Task goal:
Print the line containing "split; [|split]." and every later line of the records. Keep each one exactly as given, ending with the last.

BEGIN

(* Let $\Theta\subseteq F(V)$ be a $\mathrm{q}\L^{*}$-theory. Then $[\Theta]_\sim=\{[p]_\sim\in[F(V)]_\sim: p\in\Theta\}$ is a filter of the MV*-algebra $\langle [F(V)]_\sim;\oplus,-,[0]_\sim,[1]_\sim\rangle$, where $-[p]_\sim=[\neg p]_\sim$, $[p]_\sim\oplus[q]_\sim=[\neg p\to q]_\sim$ and $[0]_\sim=[p\to p]_\sim$.
   Context: Let $V=\{p_1,p_2,\ldots\}$ be a set of propositional variables and $F(V)$ the set of formulas built from $V$ and the constant $1$ with the binary connective $\to$ and the unary connectives $\neg$, ${}^{+}$, ${}^{-}$ (postfix ${}^+,{}^-$ bind tighter than $\neg$, which binds tighter than $\to$). Abbreviations: $p\vee q:=((p^{+}\to q^{+})^{+}\to(\neg p)^{-})\to((q^{-}\to p^{-})^{-}\to p^{-})$; an axiom written $A\leftrightarrow B$ stands for the two axioms $A\to B$ and $B\to A$. Axiom schemas of $\mathrm{q}\L^{*}$ (for all formulas $p,q,r$): (Q1) $(p\to q)\leftrightarrow(\neg q\to\neg p)$; (Q2) $1\leftrightarrow((1\to p)\to 1)$; (Q3) $p\leftrightarrow((q\to q)\to p)$; (Q4) $(p\to q)\leftrightarrow((q^{+}\to p^{-})\to(p^{+}\to q^{-}))$; (Q5) $\neg(p\to q)\leftrightarrow(q\to p)$; (Q6) $(p\to(\neg p\to q))^{+}\leftrightarrow(p^{+}\to(\neg p^{+}\to q^{+}))$; (Q7) $(p\to(q\vee r))\leftrightarrow((p\to r)\vee(p\to q))$; (Q8) $(p\vee(q\vee r))\leftrightarrow((p\vee q)\vee r)$; (Q9) $((p\to 1)\to((q\to 1)\to r))\to((q\to 1)\to((p\to 1)\to r))$; (Q10) $p\to 1$; (Q11) $((1\to 1)\to p^{+})\leftrightarrow((p\to 1)\to 1)$ and $((1\to 1)\to p^{-})\leftrightarrow((p\to\neg 1)\to\neg 1)$. Deduction rules: (R1) from $p$ and $p\to q$ infer $(r\to r)\to q$; (R2) from $(r\to r)\to(p\to q)$ infer $p\to q$; (R3) from $p\to q$ and $r\to t$ infer $(q\to r)\to(p\to t)$. For $\Gamma\subseteq F(V)$, $\Gamma\vdash q$ means there is a finite sequence ending in $q$ each member of which is an axiom, a member of $\Gamma$, or obtained from earlier members by a rule; $\Gamma^{\vdash}$ is the set of all such $q$. A $\mathrm{q}\L^{*}$-theory is a set $\Theta\subseteq F(V)$ with $\Theta^{\vdash}=\Theta$. The relation $p\sim q$ iff $\vdash p\to q$ and $\vdash q\to p$ (provable from the empty set) is a congruence and $[p]_\sim$ denotes the class of $p$. An MV*-algebra is an algebra $\langle B;\oplus,-,0,1\rangle$ of type $\langle2,1,0,0\rangle$ satisfying for all $x,y,z$: (MV*1) $x\oplus y=y\oplus x$; (MV*2) $(1\oplus x)\oplus(y\oplus(1\oplus z))=((1\oplus x)\oplus y)\oplus(1\oplus z)$; (MV*3) $x\oplus(-x)=0$; (MV*4) $(x\oplus 1)\oplus 1=1$; (MV*5) $x\oplus 0=x$; (MV*6) $-(x\oplus y)=(-x)\oplus(-y)$; (MV*7) $-(-x)=x$; (MV*8) $x\oplus y=(x^{+}\oplus y^{+})\oplus(x^{-}\oplus y^{-})$; (MV*9) $(-x\oplus(x\oplus y))^{+}=-(x^{+})\oplus(x^{+}\oplus y^{+})$; (MV*10) $x\vee y=y\vee x$; (MV*11) $x\vee(y\vee z)=(x\vee y)\vee z$; (MV*12) $x\oplus(y\vee z)=(x\oplus y)\vee(x\oplus z)$; where $x^{+}:=1\oplus(-1\oplus x)$, $x^{-}:=-1\oplus(1\oplus x)$, $x\vee y:=(x^{+}\oplus(-x^{+}\oplus y^{+})^{+})\oplus(x^{-}\oplus(-x^{-}\oplus y^{-})^{+})$. Write $y\ominus x:=y\oplus(-x)$. A filter of an MV*-algebra $\mathbf{B}$ is a subset $F\subseteq B$ such that: (F1) $\{x^{+}:x\in B\}\subseteq F$; (F2) if $x\in F$ and $y\ominus x\in F$ then $y\in F$; (F3) if $x\oplus y\in F$ and $t\in B$ then $(x\oplus t)\oplus(y\ominus t)\in F$. *)

From Stdlib Require Import ClassicalEpsilon.

(* Formulas F(V): variables p_n (n : nat), constant 1, ->, not, ^+, ^- *)
Inductive form : Type :=
| Var : nat -> form
| One : form
| Imp : form -> form -> form
| Neg : form -> form
| Plus : form -> form
| Minus : form -> form.

Definition Or (p q : form) : form :=
  Imp (Imp (Plus (Imp (Plus p) (Plus q))) (Minus (Neg p)))
      (Imp (Minus (Imp (Minus q) (Minus p))) (Minus p)).

(* Axiom schemas of qL*; A <-> B contributes both A -> B and B -> A. *)
Inductive Axiom_qL : form -> Prop :=
| Q1a p q : Axiom_qL (Imp (Imp p q) (Imp (Neg q) (Neg p)))
| Q1b p q : Axiom_qL (Imp (Imp (Neg q) (Neg p)) (Imp p q))
| Q2a p : Axiom_qL (Imp One (Imp (Imp One p) One))
| Q2b p : Axiom_qL (Imp (Imp (Imp One p) One) One)
| Q3a p q : Axiom_qL (Imp p (Imp (Imp q q) p))
| Q3b p q : Axiom_qL (Imp (Imp (Imp q q) p) p)
| Q4a p q : Axiom_qL (Imp (Imp p q) (Imp (Imp (Plus q) (Minus p)) (Imp (Plus p) (Minus q))))
| Q4b p q : Axiom_qL (Imp (Imp (Imp (Plus q) (Minus p)) (Imp (Plus p) (Minus q))) (Imp p q))
| Q5a p q : Axiom_qL (Imp (Neg (Imp p q)) (Imp q p))
| Q5b p q : Axiom_qL (Imp (Imp q p) (Neg (Imp p q)))
| Q6a p q : Axiom_qL (Imp (Plus (Imp p (Imp (Neg p) q)))
                          (Imp (Plus p) (Imp (Neg (Plus p)) (Plus q))))
| Q6b p q : Axiom_qL (Imp (Imp (Plus p) (Imp (Neg (Plus p)) (Plus q)))
                          (Plus (Imp p (Imp (Neg p) q))))
| Q7a p q r : Axiom_qL (Imp (Imp p (Or q r)) (Or (Imp p r) (Imp p q)))
| Q7b p q r : Axiom_qL (Imp (Or (Imp p r) (Imp p q)) (Imp p (Or q r)))
| Q8a p q r : Axiom_qL (Imp (Or p (Or q r)) (Or (Or p q) r))
| Q8b p q r : Axiom_qL (Imp (Or (Or p q) r) (Or p (Or q r)))
| Q9 p q r : Axiom_qL (Imp (Imp (Imp p One) (Imp (Imp q One) r))
                           (Imp (Imp q One) (Imp (Imp p One) r)))
| Q10 p : Axiom_qL (Imp p One)
| Q11a p : Axiom_qL (Imp (Imp (Imp One One) (Plus p)) (Imp (Imp p One) One))
| Q11b p : Axiom_qL (Imp (Imp (Imp p One) One) (Imp (Imp One One) (Plus p)))
| Q11c p : Axiom_qL (Imp (Imp (Imp One One) (Minus p)) (Imp (Imp p (Neg One)) (Neg One)))
| Q11d p : Axiom_qL (Imp (Imp (Imp p (Neg One)) (Neg One)) (Imp (Imp One One) (Minus p))).

(* Gamma |- q  (inductive closure = existence of a finite derivation) *)
Inductive deriv (Gamma : form -> Prop) : form -> Prop :=
| d_ax p : Axiom_qL p -> deriv Gamma p
| d_hyp p : Gamma p -> deriv Gamma p
| d_R1 p q r : deriv Gamma p -> deriv Gamma (Imp p q) -> deriv Gamma (Imp (Imp r r) q)
| d_R2 p q r : deriv Gamma (Imp (Imp r r) (Imp p q)) -> deriv Gamma (Imp p q)
| d_R3 p q r t : deriv Gamma (Imp p q) -> deriv Gamma (Imp r t) ->
                 deriv Gamma (Imp (Imp q r) (Imp p t)).

Definition is_theory (Theta : form -> Prop) : Prop :=
  forall q, deriv Theta q <-> Theta q.

Definition empty_set : form -> Prop := fun _ => False.

Definition equiv (p q : form) : Prop :=
  deriv empty_set (Imp p q) /\ deriv empty_set (Imp q p).

Definition cls (p : form) : form -> Prop := fun q => equiv p q.
Definition LT : Type := { S : form -> Prop | exists p, S = cls p }.
Definition cl (p : form) : LT := exist _ (cls p) (ex_intro _ p eq_refl).
Definition repr (x : LT) : form :=
  proj1_sig (constructive_indefinite_description _ (proj2_sig x)).

Definition LT_opp (x : LT) : LT := cl (Neg (repr x)).
Definition LT_oplus (x y : LT) : LT := cl (Imp (Neg (repr x)) (repr y)).
Definition LT_zero : LT := cl (Imp (Var 0) (Var 0)).
Definition LT_one : LT := cl One.

Definition mv_pos {B : Type} (oplus : B -> B -> B) (opp : B -> B) (one : B) (x : B) : B :=
  oplus one (oplus (opp one) x).
Definition mv_ominus {B : Type} (oplus : B -> B -> B) (opp : B -> B) (y x : B) : B :=
  oplus y (opp x).

Definition is_filter {B : Type} (oplus : B -> B -> B) (opp : B -> B) (zero one : B)
  (F : B -> Prop) : Prop :=
  (forall x, F (mv_pos oplus opp one x)) /\
  (forall x y, F x -> F (mv_ominus oplus opp y x) -> F y) /\
  (forall x y t, F (oplus x y) ->
     F (oplus (oplus x t) (mv_ominus oplus opp y t))).

Definition theta_cls (Theta : form -> Prop) : LT -> Prop :=
  fun x => exists p, Theta p /\ x = cl p.

(** Since rule R1 only ever concludes formulas of the form [(r -> r) -> q], a
    theory need not contain [q] itself; but by Q3 the class of [q] is that of
    [(1 -> 1) -> q], so a class [[q]] lies in [[Theta]] exactly when
    [Theta |- (1 -> 1) -> q].  On representatives the filter conditions then
    become derivations: [[p]^+] is the class of [~1 -> (~~1 -> p)], an ex falso
    theorem obtained from Q2, Q5, Q3 and Q10; (F2) is contraposition (Q1) and
    transitivity; (F3) follows from [~(~x -> t) -> (t -> ~x)] (Q5), Q1, and the
    contrapositive of the hypothesis [~x -> y]. *)
From Stdlib Require Import ClassicalEpsilon FunctionalExtensionality PropExtensionality ProofIrrelevance.

Section Derivations.
Variable Gamma : form -> Prop.

Lemma deriv_imp_refl p : deriv Gamma (Imp p p).
Proof.
  apply (d_R2 Gamma p p (Imp (Imp p p) p)).
  apply d_R3; apply d_ax; constructor.
Qed.

Lemma deriv_mp_imp p a b :
  deriv Gamma p -> deriv Gamma (Imp p (Imp a b)) -> deriv Gamma (Imp a b).
Proof. intros Hp Hpab. exact (d_R2 Gamma a b One (d_R1 Gamma _ _ One Hp Hpab)). Qed.

Lemma deriv_imp_trans a b c :
  deriv Gamma (Imp a b) -> deriv Gamma (Imp b c) -> deriv Gamma (Imp a c).
Proof.
  intros Hab Hbc. apply (deriv_mp_imp _ _ _ Hbc).
  apply d_R3; [exact Hab | apply deriv_imp_refl].
Qed.

Lemma deriv_contra a b : deriv Gamma (Imp a b) -> deriv Gamma (Imp (Neg b) (Neg a)).
Proof. intros Hab. apply (deriv_mp_imp _ _ _ Hab). apply d_ax; constructor. Qed.

Lemma deriv_uncontra a b : deriv Gamma (Imp (Neg b) (Neg a)) -> deriv Gamma (Imp a b).
Proof. intros Hba. apply (deriv_mp_imp _ _ _ Hba). apply d_ax; constructor. Qed.

Lemma deriv_trivial_imp_intro q : deriv Gamma q -> deriv Gamma (Imp (Imp One One) q).
Proof. intros Hq. exact (d_R1 Gamma _ _ One Hq (deriv_imp_refl q)). Qed.

End Derivations.

Lemma deriv_weaken Gamma p : deriv empty_set p -> deriv Gamma p.
Proof.
  induction 1 as [p Hax | p [] | p q r _ IHp _ IHpq | p q r _ IH | p q r t _ IHpq _ IHrt].
  - now apply d_ax.
  - exact (d_R1 Gamma p q r IHp IHpq).
  - exact (d_R2 Gamma p q r IH).
  - exact (d_R3 Gamma p q r t IHpq IHrt).
Qed.

Lemma neg_one_explosion p : deriv empty_set (Imp (Neg One) (Imp (Neg (Neg One)) p)).
Proof.
  apply deriv_imp_trans with (Neg (Imp (Imp One p) One)).
  { apply deriv_contra with (a := Imp (Imp One p) One), d_ax; constructor. }
  apply deriv_imp_trans with (Imp One (Imp One p)).
  { apply d_ax; constructor. }
  apply deriv_imp_trans with (Imp (Imp One One) (Imp One p)).
  { apply d_R3; [apply d_ax; constructor | apply deriv_imp_refl]. }
  apply deriv_imp_trans with (Imp One p).
  { apply d_ax; constructor. }
  apply d_R3; [apply d_ax; constructor | apply deriv_imp_refl].
Qed.

Lemma equiv_refl p : equiv p p.
Proof. split; apply deriv_imp_refl. Qed.

Lemma equiv_trans p q r : equiv p q -> equiv q r -> equiv p r.
Proof. intros [Hpq Hqp] [Hqr Hrq]; split; eapply deriv_imp_trans; eassumption. Qed.

Lemma equiv_sym p q : equiv p q -> equiv q p.
Proof. intros [Hpq Hqp]; split; assumption. Qed.

Lemma equiv_Neg p q : equiv p q -> equiv (Neg p) (Neg q).
Proof. intros [Hpq Hqp]; split; apply deriv_contra; assumption. Qed.

Lemma equiv_Imp a a' b b' : equiv a a' -> equiv b b' -> equiv (Imp a b) (Imp a' b').
Proof. intros [Ha Ha'] [Hb Hb']; split; apply d_R3; assumption. Qed.

Lemma equiv_trivial_imp q : equiv q (Imp (Imp One One) q).
Proof. split; apply d_ax; constructor. Qed.

Lemma cls_eq_equiv p q : cls p = cls q -> equiv p q.
Proof. intros E. change (cls p q). rewrite E. apply equiv_refl. Qed.

Lemma cl_eq p q : equiv p q -> cl p = cl q.
Proof.
  intros Hpq. apply subset_eq_compat.
  extensionality r. apply propositional_extensionality.
  split; apply equiv_trans; [apply equiv_sym|]; exact Hpq.
Qed.

Lemma cl_surjective x : exists p, x = cl p.
Proof. destruct x as [S [p ->]]. now exists p. Qed.

Lemma repr_cl p : equiv (repr (cl p)) p.
Proof.
  apply equiv_sym, cls_eq_equiv. unfold repr.
  destruct (constructive_indefinite_description _ _) as [r Hr]. exact Hr.
Qed.

Lemma LT_opp_cl p : LT_opp (cl p) = cl (Neg p).
Proof. apply cl_eq, equiv_Neg, repr_cl. Qed.

Lemma LT_oplus_cl p q : LT_oplus (cl p) (cl q) = cl (Imp (Neg p) q).
Proof. apply cl_eq, equiv_Imp; [apply equiv_Neg|]; apply repr_cl. Qed.

Lemma mv_pos_cl p :
  mv_pos LT_oplus LT_opp LT_one (cl p) = cl (Imp (Neg One) (Imp (Neg (Neg One)) p)).
Proof. unfold mv_pos, LT_one. now rewrite LT_opp_cl, !LT_oplus_cl. Qed.

Lemma mv_ominus_cl p q : mv_ominus LT_oplus LT_opp (cl p) (cl q) = cl (Imp (Neg p) (Neg q)).
Proof. unfold mv_ominus. now rewrite LT_opp_cl, LT_oplus_cl. Qed.

Lemma theta_cls_cl Theta q : is_theory Theta ->
  theta_cls Theta (cl q) <-> deriv Theta (Imp (Imp One One) q).
Proof.
  intros HT. split.
  - intros [p [Hp E]].
    destruct (cls_eq_equiv q p (f_equal (@proj1_sig _ _) E)) as [_ Hpq].
    exact (d_R1 Theta _ _ One (proj2 (HT p) Hp) (deriv_weaken _ _ Hpq)).
  - intros Hq. exists (Imp (Imp One One) q). split.
    + apply HT, Hq.
    + apply cl_eq, equiv_trivial_imp.
Qed.

Theorem proposition5p5 (Theta : form -> Prop) (HT : is_theory Theta) :
  is_filter LT_oplus LT_opp LT_zero LT_one (theta_cls Theta).
Proof.
  split; [|split].
  - intros x. destruct (cl_surjective x) as [p ->].
    rewrite mv_pos_cl, theta_cls_cl by exact HT.
    apply deriv_trivial_imp_intro, deriv_weaken, neg_one_explosion.
  - intros x y. destruct (cl_surjective x) as [p ->], (cl_surjective y) as [q ->].
    rewrite mv_ominus_cl, !theta_cls_cl by exact HT.
    intros Hp Hqp. apply (deriv_imp_trans _ _ _ _ Hp).
    exact (deriv_uncontra _ _ _ (d_R2 _ _ _ _ Hqp)).
  - intros x y t.
    destruct (cl_surjective x) as [p ->], (cl_surjective y) as [q ->],
      (cl_surjective t) as [r ->].
    rewrite mv_ominus_cl, !LT_oplus_cl, !theta_cls_cl by exact HT.
    intros Hpq%d_R2. apply deriv_trivial_imp_intro.
    apply deriv_imp_trans with (Imp r (Neg p)).
    { apply d_ax; constructor. }
    apply deriv_imp_trans with (Imp (Neg (Neg p)) (Neg r)).
    { apply d_ax; constructor. }
    apply d_R3; [apply deriv_contra, Hpq | apply deriv_imp_refl].
Qed.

END

Result:
  split; [|split].
  - intros x. destruct (cl_surjective x) as [p ->].
    rewrite mv_pos_cl, theta_cls_cl by exact HT.
    apply deriv_trivial_imp_intro, deriv_weaken, neg_one_explosion.
  - intros x y. destruct (cl_surjective x) as [p ->], (cl_surjective y) as [q ->].
    rewrite mv_ominus_cl, !theta_cls_cl by exact HT.
    intros Hp Hqp. apply (deriv_imp_trans _ _ _ _ Hp).
    exact (deriv_uncontra _ _ _ (d_R2 _ _ _ _ Hqp)).
  - intros x y t.
    destruct (cl_surjective x) as [p ->], (cl_surjective y) as [q ->],
      (cl_surjective t) as [r ->].
    rewrite mv_ominus_cl, !LT_oplus_cl, !theta_cls_cl by exact HT.
    intros Hpq%d_R2. apply deriv_trivial_imp_intro.
    apply deriv_imp_trans with (Imp r (Neg p)).
    { apply d_ax; constructor. }
    apply deriv_imp_trans with (Imp (Neg (Neg p)) (Neg r)).
    { apply d_ax; constructor. }
    apply d_R3; [apply deriv_contra, Hpq | apply deriv_imp_refl].
Qed.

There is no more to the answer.